Last week, Milei removed the undersecretary of sport, Julio Garro, from his post for requesting that team captain Lionel Messi apologize for the chants. "No government can tell the Argentine national team, world champion and two-time champion of Copa America, what to comment, what to think or what to do,” Milei's office said at the time.
But more recently the presidential spokesperson, Manuel Adorni, has tried to distance Milei from what he called Villarruel's “personal" and “unfortunate” comments.
He said that Karina Milei, the president's sister and general secretary, took it upon herself to disavow Villarruel's remarks in a meeting with the French ambassador last week.
“It's a comment that does not represent the opinion of the government,” Adorni said of Villarruel's post. “Relations with France are intact."
But controversy has only mounted after chaos engulfed the Olympic men’s soccer match between Argentina and Morocco.
Doubling down on her nationalist messaging, Vice President Villarruel posted footage of Wednesday's incident, showing Morocco fans invade the field and rain bottles and other objects down on Argentine players in an outpouring of anger over Argentina's late goal.
“Although they insult us and whistle our anthem, Argentina is destined for greatness,” she wrote.
The Argentine presidency said that in addition to meeting Macron and other French officials at the Elysee Palace on Friday, Milei would attend the 2024 Olympic opening ceremony and hold talks with French business leaders.
The investment-focused meetings come as Argentina seeks to lobby for support from major shareholders of the International Monetary Fund, including France and the U.S., to reach a new deal for extra funds.

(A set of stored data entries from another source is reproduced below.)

(* Fix $\alpha\in(0,1]$. For any sequence of labels containing $n$ distinct labels and any regressor values in $[0,1]$ used in the decisions, the tree produced by the online tree construction below (which has $n$ leaves) has depth at most $\dfrac{\log n}{\log(1/\kappa)}+2$ (for $\alpha=1$, where $\kappa=1/2$, this reads $\log_2 n+2$).
   Context: For $p\in[0,1]$, positive integers $L,R$ and $\alpha\in(0,1]$, define $\mathrm{obj}(p,L,R,\alpha)=(1-\alpha)\,2\,(p-\tfrac12)+\alpha\log_2\frac{L}{R}$, and $\kappa=\dfrac{1}{1+2^{1-1/\alpha}}$ (so $\kappa\in[1/2,1)$). Online tree construction: the tree is a rooted binary tree in which every internal node has a left and a right child, and whose leaves correspond one-to-one to the distinct labels seen so far; it starts as a single leaf (the first label). When a label not yet in the tree arrives, it descends from the root: at each internal node, with $L,R$ the current numbers of leaves in its left and right subtrees and $p\in[0,1]$ an arbitrary value (the current regressor prediction at that node), it moves to the right child if $\mathrm{obj}(p,L,R,\alpha)>0$ and to the left child otherwise. On reaching a leaf (holding some label $y'$), that leaf becomes an internal node whose left child is a leaf with label $y'$ and whose right child is a new leaf with the new label. Labels already in the tree do not change its shape. The depth of the tree is the maximum number of edges on a root-to-leaf path. *)

From Stdlib Require Import Reals Lra Lia Arith List ListDec.
Import ListNotations.
Open Scope R_scope.

Definition log2R (x : R) : R := ln x / ln 2.

Definition obj (p : R) (L Rr : nat) (alpha : R) : R :=
  (1 - alpha) * 2 * (p - 1/2) + alpha * log2R (INR L / INR Rr).

Definition kappa (alpha : R) : R := 1 / (1 + Rpower 2 (1 - 1 / alpha)).

Inductive tree : Type :=
| Leaf : nat -> tree
| Node : tree -> tree -> tree.

Fixpoint nleaves (t : tree) : nat :=
  match t with Leaf _ => 1%nat | Node l r => (nleaves l + nleaves r)%nat end.

Fixpoint labels (t : tree) : list nat :=
  match t with Leaf y => [y] | Node l r => labels l ++ labels r end.

Fixpoint depth (t : tree) : nat :=
  match t with Leaf _ => 0%nat | Node l r => S (Nat.max (depth l) (depth r)) end.

(* Descend a new label y from the node at position [pre] (path from the
   root; false = left, true = right).  [p pre] is the regressor prediction
   at that node.  Go right iff obj > 0. *)
Fixpoint descend (alpha : R) (p : list bool -> R) (pre : list bool)
         (y : nat) (t : tree) : tree :=
  match t with
  | Leaf y' => Node (Leaf y') (Leaf y)
  | Node l r =>
      if Rlt_dec 0 (obj (p pre) (nleaves l) (nleaves r) alpha)
      then Node l (descend alpha p (pre ++ [true]) y r)
      else Node (descend alpha p (pre ++ [false]) y l) r
  end.

Definition insert (alpha : R) (p : list bool -> R) (y : nat) (t : tree) : tree :=
  if in_dec Nat.eq_dec y (labels t) then t else descend alpha p [] y t.

(* Process the remaining labels; [ps k] gives the regressor predictions
   (at every node) used when processing the k-th label. *)
Fixpoint build_from (alpha : R) (ps : nat -> list bool -> R) (k : nat)
         (ys : list nat) (t : tree) : tree :=
  match ys with
  | [] => t
  | y :: ys' => build_from alpha ps (S k) ys' (insert alpha (ps k) y t)
  end.

Definition build (alpha : R) (ps : nat -> list bool -> R) (y0 : nat)
           (ys : list nat) : tree :=
  build_from alpha ps 1%nat ys (Leaf y0).

Definition ndistinct (s : list nat) : nat := length (nodup Nat.eq_dec s).

(* Write [s = 2^(1 - 1/alpha)] (the "skew" of the decision rule), so that
   [1/kappa = 1 + s].  Because the regressor term of [obj] lies in
   [[-(1-alpha), 1-alpha]], a new label descends into the child [c] with
   sibling [c'] only if [s * |c| <= |c'|] (leaf counts).  Consequently every
   tree built online is [(1+s)]-balanced: each child [c] of a node [t]
   satisfies [(1+s) (|c| - 1) <= |t| - 1].  An induction on the tree shows
   that a [q]-balanced tree of depth [d >= 1] has [q^(d-1) <= |t| - 1], i.e.
   depth at most [log_q |t| + 1].  Finally the leaves of the built tree carry
   pairwise distinct labels taken from the input, so [|t|] is at most the
   number of distinct labels, and the theorem follows (with one unit of
   slack with respect to the stated [+2]). *)

From Stdlib Require Import Reals List Lra Lia Permutation.
Import ListNotations.
Open Scope R_scope.

Definition skew (alpha : R) : R := Rpower 2 (1 - 1 / alpha).

Lemma skew_pos (alpha : R) : 0 < skew alpha.
Proof. apply exp_pos. Qed.

Lemma inv_kappa (alpha : R) : 1 / kappa alpha = 1 + skew alpha.
Proof.
  pose proof (skew_pos alpha). unfold kappa. fold (skew alpha). field. lra.
Qed.

Lemma ln_le_compat (x y : R) : 0 < x -> x <= y -> ln x <= ln y.
Proof.
  intros Hx [Hxy | <-]; [left; apply ln_increasing |]; lra.
Qed.

Lemma Rpower2_log2R (x : R) : 0 < x -> Rpower 2 (log2R x) = x.
Proof.
  intros Hx. pose proof ln_lt_2 as Hln2. unfold Rpower, log2R.
  replace (ln x / ln 2 * ln 2) with (ln x) by (field; lra).
  apply exp_ln, Hx.
Qed.

(* The regressor term moves [obj] by at most [1 - alpha] away from
   [alpha * log2(L/R)], which pins down the leaf ratio on each side. *)
Lemma obj_nonpos_log2 (p : R) (L Rr : nat) (alpha : R) :
  0 < alpha <= 1 -> 0 <= p <= 1 ->
  obj p L Rr alpha <= 0 -> log2R (INR L / INR Rr) <= 1 / alpha - 1.
Proof.
  unfold obj. intros Ha Hp Ho.
  apply (Rmult_le_reg_l alpha); [lra |].
  replace (alpha * (1 / alpha - 1)) with (1 - alpha) by (field; lra). nra.
Qed.

Lemma obj_pos_log2 (p : R) (L Rr : nat) (alpha : R) :
  0 < alpha <= 1 -> 0 <= p <= 1 ->
  0 < obj p L Rr alpha -> 1 - 1 / alpha < log2R (INR L / INR Rr).
Proof.
  unfold obj. intros Ha Hp Ho.
  apply (Rmult_lt_reg_l alpha); [lra |].
  replace (alpha * (1 - 1 / alpha)) with (alpha - 1) by (field; lra). nra.
Qed.

Lemma go_left_ratio (p : R) (L Rr : nat) (alpha : R) :
  0 < alpha <= 1 -> 0 <= p <= 1 -> (0 < L)%nat -> (0 < Rr)%nat ->
  ~ 0 < obj p L Rr alpha -> skew alpha * INR L <= INR Rr.
Proof.
  intros Ha Hp HL HR Ho.
  apply lt_0_INR in HL. apply lt_0_INR in HR.
  assert (Hratio : INR L / INR Rr <= / skew alpha).
  { rewrite <- (Rpower2_log2R (INR L / INR Rr)) by (apply Rdiv_lt_0_compat; lra).
    unfold skew. rewrite <- Rpower_Ropp. apply Rle_Rpower; [lra |].
    replace (- (1 - 1 / alpha)) with (1 / alpha - 1) by ring.
    apply obj_nonpos_log2 with p; [exact Ha | exact Hp | lra]. }
  pose proof (skew_pos alpha).
  apply (Rmult_le_compat_r (skew alpha * INR Rr)) in Hratio; [| nra].
  replace (INR L / INR Rr * (skew alpha * INR Rr)) with (skew alpha * INR L)
    in Hratio by (field; lra).
  replace (/ skew alpha * (skew alpha * INR Rr)) with (INR Rr)
    in Hratio by (field; lra).
  exact Hratio.
Qed.

Lemma go_right_ratio (p : R) (L Rr : nat) (alpha : R) :
  0 < alpha <= 1 -> 0 <= p <= 1 -> (0 < L)%nat -> (0 < Rr)%nat ->
  0 < obj p L Rr alpha -> skew alpha * INR Rr < INR L.
Proof.
  intros Ha Hp HL HR Ho.
  apply lt_0_INR in HL. apply lt_0_INR in HR.
  assert (Hratio : skew alpha < INR L / INR Rr).
  { rewrite <- (Rpower2_log2R (INR L / INR Rr)) by (apply Rdiv_lt_0_compat; lra).
    apply Rpower_lt; [lra |]. apply obj_pos_log2 with p; assumption. }
  apply (Rmult_lt_compat_r (INR Rr)) in Hratio; [| exact HR].
  replace (INR L / INR Rr * INR Rr) with (INR L) in Hratio by (field; lra).
  exact Hratio.
Qed.

Lemma nleaves_pos (t : tree) : (0 < nleaves t)%nat.
Proof. induction t; simpl; lia. Qed.

Lemma nleaves_labels (t : tree) : nleaves t = length (labels t).
Proof. induction t; simpl; [reflexivity |]. rewrite length_app; lia. Qed.

Lemma nleaves_descend alpha p pre y (t : tree) :
  nleaves (descend alpha p pre y t) = S (nleaves t).
Proof.
  revert pre; induction t; intros pre; simpl; [reflexivity |].
  destruct Rlt_dec; simpl; rewrite ?IHt1, ?IHt2; lia.
Qed.

Lemma labels_descend alpha p pre y (t : tree) :
  Permutation (labels (descend alpha p pre y t)) (y :: labels t).
Proof.
  revert pre; induction t; intros pre; simpl.
  - apply perm_swap.
  - destruct Rlt_dec; simpl.
    + rewrite IHt2. apply Permutation_sym, Permutation_middle.
    + rewrite IHt1. reflexivity.
Qed.

Fixpoint balanced (q : R) (t : tree) : Prop :=
  match t with
  | Leaf _ => True
  | Node l r =>
      q * (INR (nleaves l) - 1) <= INR (nleaves l + nleaves r) - 1 /\
      q * (INR (nleaves r) - 1) <= INR (nleaves l + nleaves r) - 1 /\
      balanced q l /\ balanced q r
  end.

(* A child [c] that gains a leaf still satisfies the [(1+s)]-balance
   condition at its parent, provided its sibling [c'] had [s c <= c']. *)
Lemma balance_grow (s c c' : R) :
  0 <= s -> s * c <= c' -> (1 + s) * (c + 1 - 1) <= c + 1 + c' - 1.
Proof. intros; nra. Qed.

Lemma balanced_descend alpha p pre y (t : tree) :
  0 < alpha <= 1 -> (forall path, 0 <= p path <= 1) ->
  balanced (1 + skew alpha) t ->
  balanced (1 + skew alpha) (descend alpha p pre y t).
Proof.
  intros Ha Hp. pose proof (skew_pos alpha) as Hs.
  revert pre; induction t as [y' | l IHl r IHr]; intros pre; simpl.
  - intros _. repeat split; lra.
  - intros (Hbl & Hbr & Bl & Br).
    pose proof (nleaves_pos l) as Hl. pose proof (nleaves_pos r) as Hr.
    rewrite plus_INR in Hbl, Hbr.
    destruct Rlt_dec as [Ho | Ho]; simpl;
      rewrite nleaves_descend, plus_INR, S_INR.
    + apply go_right_ratio in Ho; auto.
      pose proof (balance_grow (skew alpha) (INR (nleaves r)) (INR (nleaves l))).
      repeat split; auto; lra.
    + apply go_left_ratio in Ho; auto.
      pose proof (balance_grow (skew alpha) (INR (nleaves l)) (INR (nleaves r))).
      repeat split; auto; lra.
Qed.

Lemma build_from_invariant (P : tree -> Prop) alpha ps (ys : list nat) :
  (forall k y t, In y ys -> P t -> P (insert alpha (ps k) y t)) ->
  forall k t, P t -> P (build_from alpha ps k ys t).
Proof.
  induction ys as [| y ys IH]; intros Hstep k t Ht; simpl; [exact Ht |].
  apply IH; [intros; apply Hstep; simpl; auto |].
  apply Hstep; simpl; auto.
Qed.

Definition labels_distinct_in (S : list nat) (t : tree) : Prop :=
  NoDup (labels t) /\ incl (labels t) S.

Lemma insert_labels_distinct_in (S : list nat) alpha p y (t : tree) :
  In y S -> labels_distinct_in S t -> labels_distinct_in S (insert alpha p y t).
Proof.
  intros Hy [Hnd Hincl]. unfold insert.
  destruct in_dec as [Hin | Hnin]; [split; assumption |].
  pose proof (labels_descend alpha p [] y t) as Hperm. split.
  - apply Permutation_NoDup with (y :: labels t);
      [symmetry; exact Hperm | constructor; assumption].
  - intros x Hx. apply (Permutation_in _ Hperm) in Hx.
    destruct Hx as [<- | Hx]; auto.
Qed.

Lemma nleaves_build_le alpha ps (y0 : nat) (ys : list nat) :
  (nleaves (build alpha ps y0 ys) <= ndistinct (y0 :: ys))%nat.
Proof.
  assert (Hinv : labels_distinct_in (y0 :: ys) (build alpha ps y0 ys)).
  { unfold build. apply build_from_invariant.
    - intros k y t Hy. apply insert_labels_distinct_in. simpl; auto.
    - split; [repeat constructor; intros [] | intros x [<- | []]; simpl; auto]. }
  destruct Hinv as [Hnd Hincl].
  rewrite nleaves_labels. apply NoDup_incl_length; [exact Hnd |].
  intros x Hx. apply nodup_In, Hincl, Hx.
Qed.

Lemma balanced_build alpha ps (y0 : nat) (ys : list nat) :
  0 < alpha <= 1 -> (forall k path, 0 <= ps k path <= 1) ->
  balanced (1 + skew alpha) (build alpha ps y0 ys).
Proof.
  intros Ha Hps. unfold build. apply build_from_invariant; [| exact I].
  intros k y t _ Ht. unfold insert.
  destruct in_dec; [exact Ht | apply balanced_descend; auto].
Qed.

(* One level of the depth induction: if a child with [c] leaves and depth
   [d] satisfies the bound and the balance condition inside a node with
   [n >= 2] leaves, then the node satisfies the bound at depth [d + 1]. *)
Lemma pow_depth_step (q c n : R) (d : nat) :
  0 <= q -> 2 <= n -> ((1 <= d)%nat -> q ^ (d - 1) <= c - 1) ->
  q * (c - 1) <= n - 1 -> q ^ d <= n - 1.
Proof.
  intros Hq Hn IHc Hc. destruct d as [| d]; simpl; [lra |].
  specialize (IHc ltac:(lia)). simpl in IHc. rewrite Nat.sub_0_r in IHc. nra.
Qed.

Lemma balanced_pow_depth (q : R) (t : tree) :
  0 <= q -> balanced q t -> (1 <= depth t)%nat ->
  q ^ (depth t - 1) <= INR (nleaves t) - 1.
Proof.
  intros Hq. induction t as [y | l IHl r IHr]; simpl; [lia |].
  intros (Hbl & Hbr & Bl & Br) _.
  rewrite Nat.sub_0_r.
  assert (Hn : 2 <= INR (nleaves l + nleaves r)).
  { pose proof (nleaves_pos l). pose proof (nleaves_pos r).
    apply (le_INR 2); lia. }
  destruct (Nat.max_spec (depth l) (depth r)) as [[_ Hm] | [_ Hm]]; rewrite Hm.
  - apply (pow_depth_step q (INR (nleaves r))); auto.
  - apply (pow_depth_step q (INR (nleaves l))); auto.
Qed.

Lemma pow_le_log (q x : R) (d : nat) :
  1 < q -> q ^ d <= x -> INR d <= ln x / ln q.
Proof.
  intros Hq Hx.
  assert (Hlq : 0 < ln q) by (rewrite <- ln_1; apply ln_increasing; lra).
  assert (Hpow : 0 < q ^ d) by (apply pow_lt; lra).
  apply ln_le_compat in Hx; [| exact Hpow]. rewrite ln_pow in Hx by lra.
  apply (Rmult_le_reg_r (ln q)); [exact Hlq |].
  replace (ln x / ln q * ln q) with (ln x) by (field; lra). exact Hx.
Qed.

Lemma balanced_depth_le (q : R) (t : tree) :
  1 < q -> balanced q t -> INR (depth t) <= ln (INR (nleaves t)) / ln q + 1.
Proof.
  intros Hq Bt.
  assert (Hn : 1 <= INR (nleaves t)) by (apply (le_INR 1), nleaves_pos).
  destruct (depth t) as [| d] eqn:Hd.
  - assert (Hlq : 0 < ln q) by (rewrite <- ln_1; apply ln_increasing; lra).
    assert (0 <= ln (INR (nleaves t)))
      by (rewrite <- ln_1; apply ln_le_compat; lra).
    simpl. assert (0 <= ln (INR (nleaves t)) / ln q)
      by (apply Rmult_le_pos; [lra | left; apply Rinv_0_lt_compat, Hlq]).
    lra.
  - assert (Hpow : q ^ d <= INR (nleaves t)).
    { pose proof (balanced_pow_depth q t ltac:(lra) Bt) as Hpow.
      rewrite Hd, Nat.sub_succ, Nat.sub_0_r in Hpow.
      specialize (Hpow ltac:(lia)). lra. }
    pose proof (pow_le_log q (INR (nleaves t)) d Hq Hpow).
    rewrite S_INR. lra.
Qed.

Theorem theorem3 (alpha : R) (Halpha : 0 < alpha <= 1)
  (y0 : nat) (ys : list nat) (ps : nat -> list bool -> R)
  (Hps : forall k path, 0 <= ps k path <= 1) :
  INR (depth (build alpha ps y0 ys)) <=
    ln (INR (ndistinct (y0 :: ys))) / ln (1 / kappa alpha) + 2.
Proof.
  set (t := build alpha ps y0 ys).
  set (q := 1 + skew alpha).
  assert (Hq : 1 < q) by (pose proof (skew_pos alpha); unfold q; lra).
  assert (Hlq : 0 < ln q) by (rewrite <- ln_1; apply ln_increasing; lra).
  rewrite inv_kappa; fold q.
  pose proof (balanced_depth_le q t Hq (balanced_build alpha ps y0 ys Halpha Hps))
    as Hdepth.
  assert (Hleaves : ln (INR (nleaves t)) <= ln (INR (ndistinct (y0 :: ys)))).
  { apply ln_le_compat; [apply lt_0_INR, nleaves_pos |].
    apply le_INR, nleaves_build_le. }
  assert (ln (INR (nleaves t)) / ln q <= ln (INR (ndistinct (y0 :: ys))) / ln q)
    by (apply Rmult_le_compat_r; [left; apply Rinv_0_lt_compat |]; assumption).
  lra.
Qed.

Kristalina Georgieva, managing director of the IMF, said she held “constructive” talks about Milei's libertarian reforms with Argentine Economy Minister Luis Caputo on Thursday in Rio de Janeiro, where G20 finance ministers were gathering.
As in previous months, Georgieva praised Argentina's performance in fighting inflation and slashing the deficit, writing on X, “We are committed to support the govt’s efforts to turn around the economy for the benefit of Argentine people.”

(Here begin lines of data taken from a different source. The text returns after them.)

(* Let $1<q<\infty$, $\alpha,\beta\in\mathbb R$, and let $f\in\mathbb M^2\cap\mathbb W_q^{\alpha,\beta}$ be nonnegative on $[-1,1]$. Then $f^q\in\mathbb M^2\cap\mathbb W_1^{q\alpha,q\beta}$, and for every $\delta>0$, \[ \omega_\varphi^2(f,\delta)_{w_{\alpha,\beta},q}\le c\,\omega_\varphi^2(f^q,\delta)_{w_{q\alpha,q\beta},1}^{1/q}, \] with $c$ independent of $f$ and $\delta$.
   Context: For $x\in[-1,1]$, $\varphi(x)=\sqrt{1-x^2}$, $w_{\alpha,\beta}(x)=(1+x)^\alpha(1-x)^\beta$. $\|g\|_{L_q(S)}$ is the $L_q$ norm over $S$; $\mathbb W_q^{\alpha,\beta}=\{f:\|w_{\alpha,\beta}f\|_{L_q[-1,1]}<\infty\}$. $\Delta_h^2(f,x)=f(x-h)-2f(x)+f(x+h)$ if $x\pm h\in[-1,1]$, else $0$; $\overrightarrow\Delta_h^2(f,x)=\Delta_h^2(f,x+h)$, $\overleftarrow\Delta_h^2(f,x)=\Delta_h^2(f,x-h)$. For a weight $w$: $\Omega_\varphi^2(f,\delta)_{w,q}=\sup_{0<h\le\delta}\|w(x)\Delta^2_{h\varphi(x)}(f,x)\|_{L_q[-1+8h^2,1-8h^2]}$, $\overrightarrow\Omega_\varphi^2(f,\delta)_{w,q}=\sup_{0<h\le8\delta^2}\|w\overrightarrow\Delta_h^2(f,\cdot)\|_{L_q[-1,-1+8\delta^2]}$, $\overleftarrow\Omega_\varphi^2(f,\delta)_{w,q}=\sup_{0<h\le8\delta^2}\|w\overleftarrow\Delta_h^2(f,\cdot)\|_{L_q[1-8\delta^2,1]}$, $\omega_\varphi^2=\Omega_\varphi^2+\overrightarrow\Omega_\varphi^2+\overleftarrow\Omega_\varphi^2$. $\mathbb M^2$ is the set of convex functions on $(-1,1)$ (all second divided differences nonnegative). *)

From HB Require Import structures.
From mathcomp Require Import all_boot all_order all_algebra.
From mathcomp Require Import all_classical all_reals all_analysis.
Set Implicit Arguments. Unset Strict Implicit. Unset Printing Implicit Defensive.
Import Order.TTheory GRing.Theory Num.Theory.
Local Open Scope classical_set_scope.
Local Open Scope ring_scope.

Section Defs.
Variable R : realType.

Definition phi (x : R) : R := Num.sqrt (1 - x ^+ 2).

Definition wab (a b : R) (x : R) : R := ((1 + x) `^ a) * ((1 - x) `^ b).

Definition LqS (S : set R) (q : R) (g : R -> R) : \bar R :=
  ((\int[@lebesgue_measure R]_(x in S) ((`|g x| `^ q)%:E)) `^ q^-1)%E.

Definition inW (q a b : R) (f : R -> R) : Prop :=
  (LqS `[(-1)%R, 1%R] q (fun x => (wab a b x * f x)%R) < +oo)%E.

(* M^2 : convex on (-1,1), i.e. all second divided differences nonnegative *)
Definition M2 (f : R -> R) : Prop :=
  forall x y z : R, -1 < x -> x < y -> y < z -> z < 1 ->
    0 <= ((f z - f y) / (z - y) - (f y - f x) / (y - x)) / (z - x).

Definition Delta2 (f : R -> R) (h x : R) : R :=
  if (-1 <= x - h) && (x + h <= 1) then f (x - h) - 2 * f x + f (x + h) else 0.

Definition Delta2f (f : R -> R) (h x : R) : R := Delta2 f h (x + h).
Definition Delta2b (f : R -> R) (h x : R) : R := Delta2 f h (x - h).

Definition Omega2 (w : R -> R) (q : R) (f : R -> R) (delta : R) : \bar R :=
  ereal_sup [set LqS `[-1 + 8 * h ^+ 2, 1 - 8 * h ^+ 2] q
                   (fun x => w x * Delta2 f (h * phi x) x) | h in `]0, delta]].

Definition Omega2f (w : R -> R) (q : R) (f : R -> R) (delta : R) : \bar R :=
  ereal_sup [set LqS `[-1, -1 + 8 * delta ^+ 2] q
                   (fun x => w x * Delta2f f h x) | h in `]0, 8 * delta ^+ 2]].

Definition Omega2b (w : R -> R) (q : R) (f : R -> R) (delta : R) : \bar R :=
  ereal_sup [set LqS `[1 - 8 * delta ^+ 2, 1] q
                   (fun x => w x * Delta2b f h x) | h in `]0, 8 * delta ^+ 2]].

Definition omega2 (w : R -> R) (q : R) (f : R -> R) (delta : R) : \bar R :=
  (Omega2 w q f delta + Omega2f w q f delta + Omega2b w q f delta)%E.

End Defs.

From HB Require Import structures.
From mathcomp Require Import all_boot all_order all_algebra.
From mathcomp Require Import all_classical all_reals all_analysis.
From mathcomp Require Import ring lra.
Set Implicit Arguments. Unset Strict Implicit. Unset Printing Implicit Defensive.
Import Order.TTheory GRing.Theory Num.Theory HBNNSimple.
Local Open Scope classical_set_scope.
Local Open Scope ring_scope.

(* For nonnegative A, B, C with 2B <= A + C and q >= 1,
   (A - 2B + C)^q <= 2^(q-1) (A^q - 2B^q + C^q): write A - 2B + C = 2(m - B)
   with m the midpoint of A and C; superadditivity of t^q gives
   (m - B)^q <= m^q - B^q, and convexity of t^q gives m^q <= (A^q + C^q)/2.
   Applied to the values of a nonnegative convex f, this bounds the weighted
   second differences of f pointwise by those of f^q, with w_{a,b}^q =
   w_{qa,qb}.  Integrating, taking q-th roots and suprema over the step sizes
   bounds each of the three parts of omega_phi^2, whence c = 3 2^((q-1)/q).
   Convexity is only assumed on (-1,1), so the pointwise bound may fail where a
   difference node hits +-1; for each step size this happens at finitely many
   points, which the integrals do not see. *)

(* Unlike [ge0_le_integral] and [ge0_integralZl], the next two lemmas need no
   measurability: they compare the suprema over nonnegative simple functions. *)
Lemma ge0_le_integral_null d (T : measurableType d) (R : realType)
    (mu : {measure set T -> \bar R}) (D N : set T) (f g : T -> \bar R) :
  measurable N -> mu N = 0%E ->
  (forall x, D x -> (0 <= f x)%E) -> (forall x, D x -> (0 <= g x)%E) ->
  (forall x, D x -> ~ N x -> (f x <= g x)%E) ->
  (\int[mu]_(x in D) f x <= \int[mu]_(x in D) g x)%E.
Proof.
move=> mN N0 f0 g0 fg; rewrite (ge0_integralE _ f0) (ge0_integralE _ g0).
apply: ge_ereal_sup => _ [h /= hf <-].
have mCN : measurable (~` N) by exact: measurableC.
pose hN := mul_nnsfun h (indic_nnsfun R mCN).
have -> : sintegral mu h = sintegral mu hN.
  rewrite -!integralT_nnsfun; apply: ae_eq_integral => //.
  - by apply/measurable_realfun.measurable_EFinP; exact: measurable_funP.
  - by apply/measurable_realfun.measurable_EFinP; exact: measurable_funP.
  - exists N; split => // x /= hx; apply: contrapT => Nx; apply: hx => _.
    by rewrite /hN /= measurable_realfun.mindicE mem_set // mulr1.
apply: ereal_sup_ubound; exists hN => //= x.
rewrite /hN /= measurable_realfun.mindicE.
have [Nx|Nx] := pselect (N x).
  rewrite memNset ?mulr0; last by move=> /(_ Nx).
  by rewrite /patch; case: ifP => // /[1!inE] Dx; exact: g0.
rewrite mem_set // mulr1; apply: (le_trans (hf x)).
by rewrite /patch; case: ifP => // /[1!inE] Dx; exact: fg.
Qed.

But she said nothing about an imminent new loan for the crisis-stricken country.
Argentina — the IMF's biggest debtor — needs more cash to pay the fund back for past borrowing under the program, originally worth $57 billion in 2018.
Analysts say that right-wing Milei is pinning his hopes on Donald Trump becoming president of the U.S., the IMF's main stakeholder.
“The expectation of the government is that a Trump administration would be more politically favorable to Milei and that by early next year it would exert some pressure on the IMF,” said Marcelo J. García, Americas director at geopolitical risk firm Horizon Engage.